Note 4
PROMISSORY NOTE
---------------
August 23, 1996
Pursuant to, and subject to the terms of, the Third Amendment to Loan
Agreement between the parties dated August, 1996 ("Amendment"), New Energy
Company of Indiana Limited Partnership, an Indiana limited partnership, ("New
Energy") promises to pay to the order of the Business Development Corporation
of South Bend, Mishawaka, St. Xxxxxx County, Indiana ("BDC") the principal sum
of up to Eight Hundred Six Thousand Nine Hundred Seventeen and 68/100 Dollars
($806,917.68); together with interest as provided in this Promissory Note
("Note"), until payment in full. Principal sums will be deemed to have been
loaned to New Energy as provided in the Amendment beginning October 1, 1996
and on the first day of each consecutive month thereafter. Interest shall
accrue at the rate of six percent (6%) per year compounded monthly. The
principal and accrued interest shall be payable as follows:
A. Commencing on the first day of the month immediately following the
AIC Maturity Date (as defined in the Amendment) and on the first day of each
consecutive calendar month thereafter, equal monthly payments which shall
include principal and interest thereon, and all without relief from valuation
and appraisement laws and with attorneys fees and costs of collection. Such
payments shall be in amounts so as to fully amortize the Note over its term.

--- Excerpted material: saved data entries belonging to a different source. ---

(* Let $\mathbf L\in\mathbb R^{N\times N}$ be a Laplacian matrix (symmetric, off-diagonal entries $\le0$, $\mathbf L\mathbf 1_N=\mathbf 0$) with second-smallest eigenvalue $\rho_2>0$, and $\hat{\mathbf L}=\mathbf L\otimes\mathbf I_d$. Let $\mathbf A\in\mathbb R^{Nd\times Nd}$ be symmetric with all eigenvalues in $[\mu,L]$, $0<\mu\le L$, let $U>0$ and $\mathbf B=\mathbf A+U\hat{\mathbf L}$. Then for every $\mathbf v\in\mathbb R^{Nd}$ orthogonal to the column space of $\mathbf 1_N\otimes\mathbf I_d$ (i.e., $(\mathbf 1_N\otimes\mathbf I_d)^\top\mathbf v=\mathbf 0$), $$\|\mathbf B^{-1}\mathbf v\|\le\frac1U\cdot\frac{L}{\mu\rho_2}\|\mathbf v\|.$$ *)

From HB Require Import structures.
From mathcomp Require Import all_boot all_order all_algebra.
From mathcomp Require Export mxtens.
Set Implicit Arguments. Unset Strict Implicit. Unset Printing Implicit Defensive.
Import Order.TTheory GRing.Theory Num.Theory.
Local Open Scope ring_scope.

Definition vnorm (R : rcfType) (n : nat) (v : 'cV[R]_n) : R :=
  Num.sqrt (\sum_(i < n) v i 0 ^+ 2).

Definition ones (R : rcfType) (n : nat) : 'cV[R]_n := const_mx 1.

Definition is_laplacian (R : rcfType) (n : nat) (L : 'M[R]_n) : Prop :=
  [/\ L^T = L, (forall i j : 'I_n, i != j -> L i j <= 0) & L *m ones R n = 0].

(* r is the second-smallest eigenvalue of M counted with multiplicity:
   the characteristic polynomial of M factors as prod (X - x) over a
   nondecreasingly sorted list s of eigenvalues, and r is s`_1. *)
Definition second_smallest_eig (R : rcfType) (n : nat) (M : 'M[R]_n) (r : R)
  : Prop :=
  exists s : seq R,
    [/\ sorted <=%R s, char_poly M = \prod_(x <- s) ('X - x%:P) &
        nth 0 s 1 = r].

(* Write J = 1_N (x) I_d, x = B^-1 v, and let x' be the orthogonal projection
   of x onto ker J^T.  Both v and the range of L (x) I_d are orthogonal to the
   range of J.  Pairing B x = v with x therefore gives
     U rho2 |x'|^2 <= U x.(L (x) I_d)x <= x.Bx = x'.v <= |x'| |v|,
     mu |x|^2 <= x.Ax = x'.Ax = Ax'.x <= L |x'| |x|,
   and multiplying the two bounds proves the claim.  The first inequality is
   applied to each of the d blocks of x': since rho2 > 0, zero is a simple
   eigenvalue of the Laplacian, with eigenvector 1_N, and all its other
   eigenvalues are at least rho2. *)

From HB Require Import structures.
From mathcomp Require Import all_boot all_order all_algebra.
From mathcomp Require Import mxtens complex sesquilinear spectral ring.
Import Order.TTheory GRing.Theory Num.Theory Num.Def.
Set Implicit Arguments. Unset Strict Implicit. Unset Printing Implicit Defensive.
Local Open Scope ring_scope.
Local Open Scope sesquilinear_scope.

Section EuclideanDot.
Variable R : rcfType.

Definition vdot n (a b : 'cV[R]_n) : R := (a^T *m b) 0 0.

Lemma vdotE n (a b : 'cV[R]_n) : vdot a b = \sum_i a i 0 * b i 0.
Proof. by rewrite /vdot mxE; apply: eq_bigr => i _; rewrite mxE. Qed.

Lemma vdotC n (a b : 'cV[R]_n) : vdot a b = vdot b a.
Proof. by rewrite !vdotE; apply: eq_bigr => i _; rewrite mulrC. Qed.

Lemma vdot0r n (a : 'cV[R]_n) : vdot a 0 = 0.
Proof. by rewrite /vdot mulmx0 mxE. Qed.

Lemma vdot0l n (a : 'cV[R]_n) : vdot 0 a = 0.
Proof. by rewrite vdotC vdot0r. Qed.

Lemma vdotDr n (a b c : 'cV[R]_n) : vdot a (b + c) = vdot a b + vdot a c.
Proof. by rewrite /vdot mulmxDr mxE. Qed.

Lemma vdotBr n (a b c : 'cV[R]_n) : vdot a (b - c) = vdot a b - vdot a c.
Proof. by rewrite /vdot mulmxBr !mxE. Qed.

Lemma vdotZr n (a b : 'cV[R]_n) k : vdot a (k *: b) = k * vdot a b.
Proof. by rewrite /vdot -scalemxAr mxE. Qed.

Lemma vdotBl n (a b c : 'cV[R]_n) : vdot (b - c) a = vdot b a - vdot c a.
Proof. by rewrite vdotC vdotBr !(vdotC a). Qed.

Lemma vdotZl n (a b : 'cV[R]_n) k : vdot (k *: b) a = k * vdot b a.
Proof. by rewrite vdotC vdotZr vdotC. Qed.

Lemma vdot_mulmxr n m (a : 'cV[R]_n) (X : 'M[R]_(n, m)) b :
  vdot a (X *m b) = vdot (X^T *m a) b.
Proof. by rewrite /vdot trmx_mul trmxK mulmxA. Qed.

Lemma vdotvv_ge0 n (a : 'cV[R]_n) : 0 <= vdot a a.
Proof. by rewrite vdotE; apply: sumr_ge0 => i _; rewrite -expr2 sqr_ge0. Qed.

Lemma vdotvv_eq0 n (a : 'cV[R]_n) : vdot a a = 0 -> a = 0.
Proof.
rewrite vdotE => /psumr_eq0P sq0; apply/matrixP => i j; rewrite [j]ord1 mxE.
have /eqP := sq0 (fun k _ => ltac:(by rewrite -expr2 sqr_ge0)) i isT.
by rewrite mulf_eq0 orbb => /eqP.
Qed.

Lemma vnormE n (a : 'cV[R]_n) : vnorm a = Num.sqrt (vdot a a).
Proof.
by rewrite /vnorm vdotE; congr Num.sqrt; apply: eq_bigr => i _; rewrite expr2.
Qed.

Lemma vnorm_ge0 n (a : 'cV[R]_n) : 0 <= vnorm a.
Proof. by rewrite vnormE sqrtr_ge0. Qed.

Lemma vnorm0 n : vnorm (0 : 'cV[R]_n) = 0.
Proof. by rewrite vnormE vdot0r sqrtr0. Qed.

Lemma vnorm_sqr n (a : 'cV[R]_n) : vnorm a ^+ 2 = vdot a a.
Proof. by rewrite vnormE sqr_sqrtr // vdotvv_ge0. Qed.

Lemma vdot_le_vnorm n (a b : 'cV[R]_n) : vdot a b <= vnorm a * vnorm b.
Proof.
set c := vdot a b.
suff cs : c ^+ 2 <= vdot a a * vdot b b.
  apply: le_trans (ler_norm c) _.
  rewrite -sqrtr_sqr !vnormE -sqrtrM ?vdotvv_ge0 //.
  by rewrite ler_sqrt // mulr_ge0 ?vdotvv_ge0.
have [b0|bn0] := eqVneq (vdot b b) 0.
  by rewrite /c b0 mulr0 (vdotvv_eq0 b0) vdot0r expr0n.
have bpos : 0 < vdot b b by rewrite lt_def bn0 vdotvv_ge0.
have := vdotvv_ge0 (vdot b b *: a - c *: b).
rewrite vdotBl !vdotBr !vdotZl !vdotZr (vdotC b a) -/c => ge0.
rewrite -(ler_pM2r bpos) -subr_ge0; apply: le_trans ge0 _.
by rewrite le_eqVlt; apply/orP; left; apply/eqP; ring.
Qed.

Lemma vnorm_gt0 n (a : 'cV[R]_n) : a != 0 -> 0 < vnorm a.
Proof.
move=> a_neq0; rewrite lt_def vnorm_ge0 andbT; apply: contra a_neq0 => /eqP a0.
by apply/eqP/vdotvv_eq0; rewrite -vnorm_sqr a0 expr0n.
Qed.

Lemma vnorm_mulr_le_cancel n (a : 'cV[R]_n) (s t : R) :
  (a = 0 -> s <= t) -> s * vnorm a <= t * vnorm a -> s <= t.
Proof.
have [-> st _ //|a_neq0 _] := eqVneq a 0; first exact: st.
by rewrite ler_pM2r // vnorm_gt0.
Qed.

This Note shall mature on and all principal and accrued interest on this Note
shall be due and payable on November 1, 1999. Payments must be made by
personal delivery or United States mail, correct postage prepaid, at the
office of the BDC.
B. Any late payments shall bear additional interest (aside from the
normal rate of interest established at six percent [6%] per year compounded
monthly) on both principal and interest due at the rate of six percent (6%)
per year, compounded monthly, during such period of any delinquency.
Subject to the terms of the Subordination Agreement (as later defined),
voluntary prepayments of the amounts due under this Note may be made at any
time without penalty. Such prepayment may be made in any amount. To the
extent required under the terms of paragraph 5 of the Amendment,
prepayments shall be made.
Payments shall be applied first to the payment of any unpaid interest,
secondly to the unpaid balance of any other unpaid debt on account of this
2
obligation, and thirdly the remainder to be applied on the unpaid principal of
the debt until it is paid in full.
The undersigned waives presentment for payment, protest, notice of
protest and nonpayment of this Note and agrees that on default in any payment
of principal or interest, the whole amount remaining unpaid shall immediately
become due and payable without notice of nonpayment or demand for payment.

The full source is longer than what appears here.